* [AIM OF THE EXERCISE]
Return, in their exact form, the lines that lie between the start of the data below and the line containing "Import Order.TTheory GRing.Theory Num.Theory.", with both ends included.

━━━━━━━━━━━━━━━━

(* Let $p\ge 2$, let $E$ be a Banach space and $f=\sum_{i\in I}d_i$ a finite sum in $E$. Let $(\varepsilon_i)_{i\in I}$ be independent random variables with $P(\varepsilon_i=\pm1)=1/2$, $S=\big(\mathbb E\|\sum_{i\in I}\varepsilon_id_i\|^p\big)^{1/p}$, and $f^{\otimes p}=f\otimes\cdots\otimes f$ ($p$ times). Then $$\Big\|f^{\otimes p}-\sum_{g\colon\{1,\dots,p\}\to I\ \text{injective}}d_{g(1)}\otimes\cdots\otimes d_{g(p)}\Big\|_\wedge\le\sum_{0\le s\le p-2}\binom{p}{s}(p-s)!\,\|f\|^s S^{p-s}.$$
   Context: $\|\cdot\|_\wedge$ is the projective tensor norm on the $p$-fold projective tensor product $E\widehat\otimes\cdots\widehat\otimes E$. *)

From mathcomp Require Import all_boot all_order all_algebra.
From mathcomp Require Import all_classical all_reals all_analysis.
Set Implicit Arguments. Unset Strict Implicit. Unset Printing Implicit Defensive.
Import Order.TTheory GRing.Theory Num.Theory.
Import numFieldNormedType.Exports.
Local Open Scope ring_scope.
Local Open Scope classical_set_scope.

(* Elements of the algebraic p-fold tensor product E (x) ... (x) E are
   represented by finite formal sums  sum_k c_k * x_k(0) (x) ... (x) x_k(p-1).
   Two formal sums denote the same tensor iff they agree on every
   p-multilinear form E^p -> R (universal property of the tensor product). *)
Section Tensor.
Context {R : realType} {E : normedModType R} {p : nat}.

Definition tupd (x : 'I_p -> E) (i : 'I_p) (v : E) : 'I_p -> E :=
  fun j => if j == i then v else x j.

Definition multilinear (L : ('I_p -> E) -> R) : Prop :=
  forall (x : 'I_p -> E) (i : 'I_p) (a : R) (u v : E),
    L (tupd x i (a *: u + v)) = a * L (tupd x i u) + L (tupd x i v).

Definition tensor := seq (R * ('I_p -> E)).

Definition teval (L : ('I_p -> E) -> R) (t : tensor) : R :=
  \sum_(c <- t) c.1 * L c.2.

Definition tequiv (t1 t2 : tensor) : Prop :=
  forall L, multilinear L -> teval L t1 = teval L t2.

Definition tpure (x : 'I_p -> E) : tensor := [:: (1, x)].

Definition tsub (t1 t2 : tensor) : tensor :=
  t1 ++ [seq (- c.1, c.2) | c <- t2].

━━━━━━━━━━━━━━━━

* [OUTPUT FOR THIS TASK]
(* Let $p\ge 2$, let $E$ be a Banach space and $f=\sum_{i\in I}d_i$ a finite sum in $E$. Let $(\varepsilon_i)_{i\in I}$ be independent random variables with $P(\varepsilon_i=\pm1)=1/2$, $S=\big(\mathbb E\|\sum_{i\in I}\varepsilon_id_i\|^p\big)^{1/p}$, and $f^{\otimes p}=f\otimes\cdots\otimes f$ ($p$ times). Then $$\Big\|f^{\otimes p}-\sum_{g\colon\{1,\dots,p\}\to I\ \text{injective}}d_{g(1)}\otimes\cdots\otimes d_{g(p)}\Big\|_\wedge\le\sum_{0\le s\le p-2}\binom{p}{s}(p-s)!\,\|f\|^s S^{p-s}.$$
   Context: $\|\cdot\|_\wedge$ is the projective tensor norm on the $p$-fold projective tensor product $E\widehat\otimes\cdots\widehat\otimes E$. *)

From mathcomp Require Import all_boot all_order all_algebra.
From mathcomp Require Import all_classical all_reals all_analysis.
Set Implicit Arguments. Unset Strict Implicit. Unset Printing Implicit Defensive.
Import Order.TTheory GRing.Theory Num.Theory.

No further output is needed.